Auto Safety Woes Continue for Toyota


Last week, Toyota got more bad news and more bad press about the safety of its cars. Its the kind of bad press no car manufacturer would want, especially one that has been a headline news story for months.

What happened this time? Consumer Reports tested the Lexus GX 460. They reported that its tests revealed a dangerous problem in handling the car. This in turn led to a Don't Buy recommendation by the popular consumer hot spot.

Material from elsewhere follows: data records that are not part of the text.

(* Let $g:\mathbb{R}^n\to\mathbb{R}^m$ and $f:\mathbb{R}^m\to\mathbb{R}^r$. Suppose $g$ is second-order gph-regular at $x^*$ and $f$ is second-order gph-regular at $g(x^* )$. Then the composite mapping $h:=f\circ g$ is second-order gph-regular at $x^*$.
   Context: $g'(x;d)=\lim_{t\downarrow0}(g(x+td)-g(x))/t$; second-order directional derivative $g''(x;d,w):=\lim_{t\downarrow0}\frac{g(x+td+\frac12t^2w)-g(x)-tg'(x;d)}{\frac12t^2}$; $g$ is second-order directionally differentiable at $x$ if these exist for all $d,w$. A mapping $g$ is second-order gph-regular at $x^*$ if it is locally Lipschitz continuous and second-order directionally differentiable at $x^*$, and for every direction $d$ and every path $w:\mathbb{R}_+\to\mathbb{R}^n$ with $tw(t)\to0$ as $t\downarrow0$ there is $r$ with $\|r(t)\|/t^2\to0$ as $t\downarrow0$ such that $g(x^*+td+\frac12t^2w(t))=g(x^* )+tg'(x^*;d)+\frac12t^2g''(x^*;d,w(t))+r(t)$ for $t\ge0$. *)

(* R : realType, R^n rendered as row vectors 'rV[R]_n. *)
From HB Require Import structures.
From mathcomp Require Import all_boot all_order all_algebra.
From mathcomp Require Import all_classical all_reals all_analysis.
Set Implicit Arguments. Unset Strict Implicit. Unset Printing Implicit Defensive.
Import Order.TTheory GRing.Theory Num.Theory.
Import numFieldNormedType.Exports.
Local Open Scope classical_set_scope.
Local Open Scope ring_scope.

Section Defs.
Variables (R : realType) (n m : nat).
Implicit Types (g : 'rV[R]_n -> 'rV[R]_m) (x d w : 'rV[R]_n).

Definition loc_lipschitz_at g x : Prop :=
  exists k : R, exists2 e : R, 0 < e &
    forall y z, ball x e y -> ball x e z -> `|g y - g z| <= k * `|y - z|.

Definition dd_quot g x d : R -> 'rV[R]_m :=
  fun t => t^-1 *: (g (x + t *: d) - g x).

Definition dir_deriv g x d : 'rV[R]_m := lim (dd_quot g x d @ 0^'+).

Definition dd2_quot g x d w : R -> 'rV[R]_m :=
  fun t => (t ^+ 2 / 2)^-1 *:
    (g (x + t *: d + (t ^+ 2 / 2) *: w) - g x - t *: dir_deriv g x d).

Definition dir_deriv2 g x d w : 'rV[R]_m := lim (dd2_quot g x d w @ 0^'+).

Definition so_dir_differentiable g x : Prop :=
  forall d w, cvg (dd_quot g x d @ 0^'+) /\ cvg (dd2_quot g x d w @ 0^'+).

Definition so_gph_regular g x : Prop :=
  [/\ loc_lipschitz_at g x, so_dir_differentiable g x &
    forall d (w : R -> 'rV[R]_n),
      (fun t => t *: w t) @ 0^'+ --> (0 : 'rV[R]_n) ->
      exists r : R -> 'rV[R]_m,
        (fun t => `|r t| / t ^+ 2) @ 0^'+ --> (0 : R) /\
        forall t : R, 0 <= t ->
          g (x + t *: d + (t ^+ 2 / 2) *: w t) =
            g x + t *: dir_deriv g x d + (t ^+ 2 / 2) *: dir_deriv2 g x d (w t)
            + r t].
End Defs.

From HB Require Import structures.
From mathcomp Require Import all_boot all_order all_algebra.
From mathcomp Require Import all_classical all_reals all_analysis.
From mathcomp Require Import ring.
Import Order.TTheory GRing.Theory Num.Theory.
Import numFieldNormedType.Exports.
Local Open Scope classical_set_scope.
Local Open Scope ring_scope.

(* Write P t = x + t d + t^2/2 w t.  Regularity of g gives g (P t) = Q t + o(t^2) with
   Q t = g x + t g'(x;d) + t^2/2 z t and z t = g''(x;d,w t).  Comparing P t with x + t d
   through the Lipschitz bound on g shows that t z t -> 0, so z is again an admissible
   path and the regularity of f applies along Q; since f is Lipschitz, the o(t^2) error
   in its argument costs only o(t^2).  This is the expansion of f o g along P with
   first and second order terms f'(g x; g'(x;d)) and f''(g x; g'(x;d), g''(x;d,w t)),
   and the constant paths w = 0 and w = c identify these as the directional
   derivatives of f o g. *)

Section Asymptotics.
Context {R : realType}.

What went wrong with this car? In the Consumer Reports testing, when pushed to its limit, the rear of the car swerved making rollover a major risk. The electronic stability system did not engage until after the rear of the car had already slid out nearly sideways. The driver was not able to regain control of the auto until it was close to a roll-over.

A bit of good news for Toyota: the other Toyota SUV's tested by Consumer Reports did not have this problem.

Under the safety and governmental microscope, Toyota took fast note and its engineers replicated the slide. Toyota agrees -- there is a safety issue with the vehicle. In an unprecedented move, sales of the Lexus GX 460 were halted.

Toyota also has a big decision to make about fines. They must inform the National Highway Traffic Safety Administration this week about whether the company will pay the proposed fine of $16.4 million for the alleged failure to disclose information regarding the "sticky pedal" issue that has been haunting the company for months now. Failure to pay this fine could result in court action against Toyota.